~/gatekeypairs · about · privacy · terms

about

about this channel and the person making it.

why

I've been writing backend code for over a decade. I use cryptography every day — signed commits, SSH into prod, mTLS between services, PGP for the one team chat that still insists on it — and for years I ran on vibes. The tools mostly worked. I mostly didn't have to know.

Then at some point in the middle of a 2 AM cert-rotation, I realized I couldn't explain why our root CA was self-signed and that was fine, but a self-signed leaf cert wasn't. I went looking for a clean, 30-second answer and found either RFCs or marketing pages. Nothing in between.

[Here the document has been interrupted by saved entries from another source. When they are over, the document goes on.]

Theorem theorem7 (R : realType) (n p q : nat)
  (J : 'M[R]_(n, p)) (J' : 'M[R]_(n, q)) (sigma c : R) (Y : 'cV[R]_n)
  (Kmh : 'M[R]_n) :
  let K := J *m J^T in
  let S := J' *m J'^T in
  posdef K ->
  0 < sigma ->
  Y != 0 ->
  (* Kmh = K^{-1/2}: the positive definite square root of K^{-1} *)
  posdef Kmh -> Kmh *m Kmh = invmx K ->
  let eta := specnorm (Kmh *m S *m Kmh) in
  eta < 1 ->
  cond (K + sigma%:M) <= c ->
  let a := c / (1 - eta) ^+ 2 in
  let ratio := Num.sqrt (residual (K + S) sigma Y / residual K sigma Y) in
  lambda_max (K + S + sigma%:M) / (a * lambda_max (K + sigma%:M)) <= ratio /\
  ratio <= a * lambda_max (K + S + sigma%:M) / lambda_max (K + sigma%:M).
Proof.
move=> K S [K_sym K_pd] sigma_gt0 Y_neq0 [Kmh_sym _] KmhE eta eta_lt1 cond_le a ratio.
have n_gt0 : (0 < n)%N.
  by have /matrix0Pn [i [j _]] := Y_neq0; exact: leq_ltn_trans (leq0n i) (ltn_ord i).
have S_sym : S^T = S by rewrite /S trmx_mul trmxK.
have K_psd x : 0 <= qform K x by rewrite qform_gram dot_ge0.
have S_psd x : 0 <= qform S x by rewrite qform_gram dot_ge0.
have K_unit : K \in unitmx.
  by apply: qform_gt0_unitmx => x /K_pd; rewrite /qform /dot mulmxA.
have S_le_K := qform_le_specnorm_congr S Kmh_sym KmhE K_unit.
have eta_ge0 : 0 <= eta := specnorm_ge0 _ n_gt0.
apply: (spectral_ratio_bounds (l := lambda_min (K + sigma%:M))
  (l' := lambda_min (K + S + sigma%:M))) => //.
- by apply: lt_le_trans sigma_gt0 _; apply: sigma_le_lambda_min.
- exact: lambda_min_update_ge.
- exact: lambda_min_le_max_shift.
- exact: lambda_max_update_ge.
- exact: lambda_max_update_le.
- exact: sqrt_residual_ratio_bounds.
Qed.
Definition galpha (R : rcfType) (n k : nat) (mu : 'I_n -> {ffun 'I_n -> bool} -> R)
  (f : {ffun 'I_n -> bool} -> R) (a : {ffun 'I_k -> bool}) (u : {ffun 'I_(n - k) -> bool}) : R :=
  \sum_(b : {ffun 'I_(n - k) -> bool})
     fourier mu f (setof (catb n k b a)) *
     bn_phiS mu (setof (catb n k b [ffun=> false])) (catb n k u [ffun=> false]).
Arguments galpha R n k mu f a u : clear implicits.

Definition galpha_sqnorm (R : rcfType) (n k : nat) (mu : 'I_n -> {ffun 'I_n -> bool} -> R)
  (f : {ffun 'I_n -> bool} -> R) (a : {ffun 'I_k -> bool}) : R :=
  bn_exp mu (fun x => (galpha R n k mu f a (prefb n k x)) ^+ 2).
Arguments galpha_sqnorm R n k mu f a : clear implicits.

From mathcomp Require Import all_boot all_order all_algebra.
From mathcomp Require Import ring lra zify.
Set Implicit Arguments. Unset Strict Implicit. Unset Printing Implicit Defensive.
Import Order.TTheory GRing.Theory Num.Theory.
Local Open Scope ring_scope.

(* The functions [phi_S] are orthonormal in L^2(D).  Truncate the network at [m]
   (later variables become fair coins) and integrate out [X_m] with its predecessors
   fixed: [phi_m] has conditional mean 0 and variance 1, while every other factor of
   [phi_S phi_T] with [S, T] below [m + 1] depends only on earlier variables, so
   induction on [m] gives E[phi_S phi_T] = [S = T].  Bessel's inequality then bounds
   the sum of all squared coefficients [f_S^2] by E[f^2] <= 1, and (1), (4) follow by
   counting.  Since [phi_(beta 0^k)] depends only on the first [n - k] variables,
   [g_alpha(U)] is the orthonormal combination sum_beta f_(beta alpha) phi_(beta 0^k)(X),
   which gives (2) and hence (3). *)

Section Strings.
Variables n k : nat.
Implicit Types (b : {ffun 'I_(n - k) -> bool}) (a : {ffun 'I_k -> bool}) (x : {ffun 'I_n -> bool}).

Lemma setof_inj : injective (@setof n).
Proof.
move=> g g' eq_gg'; apply/ffunP => i.
by have := congr1 (fun A : {set 'I_n} => i \in A) eq_gg'; rewrite !inE.
Qed.

Lemma catb_lo b a (i : 'I_n) (lt_i : (i < n - k)%N) : catb n k b a i = b (Ordinal lt_i).
Proof.
rewrite ffunE nth_cat size_codom card_ord lt_i codom_ffun.
exact: (nth_fgraph_ord false (Ordinal lt_i) b).
Qed.

Lemma catb_ge b a (i : 'I_n) : (n - k <= i)%N ->
  catb n k b a i = nth false (codom a) (i - (n - k)).
Proof. by move=> le_i; rewrite ffunE nth_cat size_codom card_ord ltnNge le_i. Qed.

Lemma prefbE x (j : 'I_(n - k)) : prefb n k x j = x (widen_ord (leq_subr k n) j).
Proof.
rewrite ffunE codom_ffun.
exact: (nth_fgraph_ord false (widen_ord (leq_subr k n) j) x).
Qed.

Lemma catb_prefb_lo x a (i : 'I_n) : (i < n - k)%N -> catb n k (prefb n k x) a i = x i.
Proof. by move=> lt_i; rewrite catb_lo prefbE; congr (x _); apply: val_inj. Qed.

Lemma mem_setof_catb0 b (v : 'I_n) :
  v \in setof (catb n k b [ffun=> false]) -> (v < n - k)%N.
Proof.
rewrite inE; have [//|le_v] := ltnP v (n - k); rewrite catb_ge //.
have [lt|le] := ltnP (v - (n - k)) k; last by rewrite nth_default // size_codom card_ord.
by rewrite codom_ffun (nth_fgraph_ord false (Ordinal lt)) ffunE.
Qed.

Hypothesis le_kn : (k <= n)%N.

Lemma catb_inj b a b' a' : catb n k b a = catb n k b' a' -> b = b' /\ a = a'.
Proof.
move=> eq_cat; split; apply/ffunP => j.
  have lt_j : (j < n)%N by apply: leq_trans (ltn_ord j) (leq_subr k n).
  have := congr1 (fun g : {ffun 'I_n -> bool} => g (Ordinal lt_j)) eq_cat.
  have lo : (Ordinal lt_j < n - k)%N := ltn_ord j.
  by rewrite !(catb_lo _ _ lo); have -> : Ordinal lo = j by apply: val_inj.
have lt_j : (n - k + j < n)%N by have := ltn_ord j; lia.
have := congr1 (fun g : {ffun 'I_n -> bool} => g (Ordinal lt_j)) eq_cat.
rewrite !catb_ge ?leq_addr //= addKn.
by rewrite !codom_ffun !(nth_fgraph_ord false j).
Qed.

End Strings.

Section Expectation.
Variables (R : rcfType) (n : nat) (mu : 'I_n -> {ffun 'I_n -> bool} -> R).
Implicit Types (h : {ffun 'I_n -> bool} -> R).

Lemma eq_bn_exp h1 h2 : (forall x, h1 x = h2 x) -> bn_exp mu h1 = bn_exp mu h2.
Proof. by move=> eq_h; apply: eq_bigr => x _; rewrite eq_h. Qed.

Lemma bn_expD h1 h2 : bn_exp mu (fun x => h1 x + h2 x) = bn_exp mu h1 + bn_exp mu h2.
Proof. by rewrite /bn_exp -big_split; apply: eq_bigr => x _; rewrite mulrDr. Qed.

Lemma bn_expB h1 h2 : bn_exp mu (fun x => h1 x - h2 x) = bn_exp mu h1 - bn_exp mu h2.
Proof. by rewrite /bn_exp -sumrB; apply: eq_bigr => x _; rewrite mulrBr. Qed.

gatekeypairs is that in-between. One claim per clip. The thing a senior engineer would tell you while waiting for a deploy to finish.

format

Every clip follows the same shape:

# clip recipe
def clip():
    hook   = "one surprising claim"
    body   = "the mechanism that makes it true"
    payoff = "why you, the working dev, care"
    return 25 <= len(spoken) <= 35  # seconds

Scripts are drafted with help from Claude (Anthropic), narrated with Inworld TTS, captioned via Whisper, b-roll pulled from Pexels. The technical content is human-reviewed before publish — if something's wrong in a clip, it's wrong because I missed it, not because a model invented it.

The publish toolchain is open-source-ish, in the sense that I built it for this and might write it up later. Nothing about the technical claims depends on which tools render the clip.

corrections

Cryptography is one of those domains where being approximately right is being wrong. If you see a claim in a clip that's incorrect, misleading, or missing context that changes the conclusion, write to team@gatekeypairs.com. I'll either fix the script and re-post or pin a correction on the clip.

Corrections are public-by-default unless you ask otherwise. That feels like the right norm for a technical channel.

not affiliated

This channel isn't affiliated with any company, vendor, certificate authority, or standards body. No sponsorships. No referral links. If a clip names a tool, it's because the tool is the cleanest example, not because anyone paid for the placement.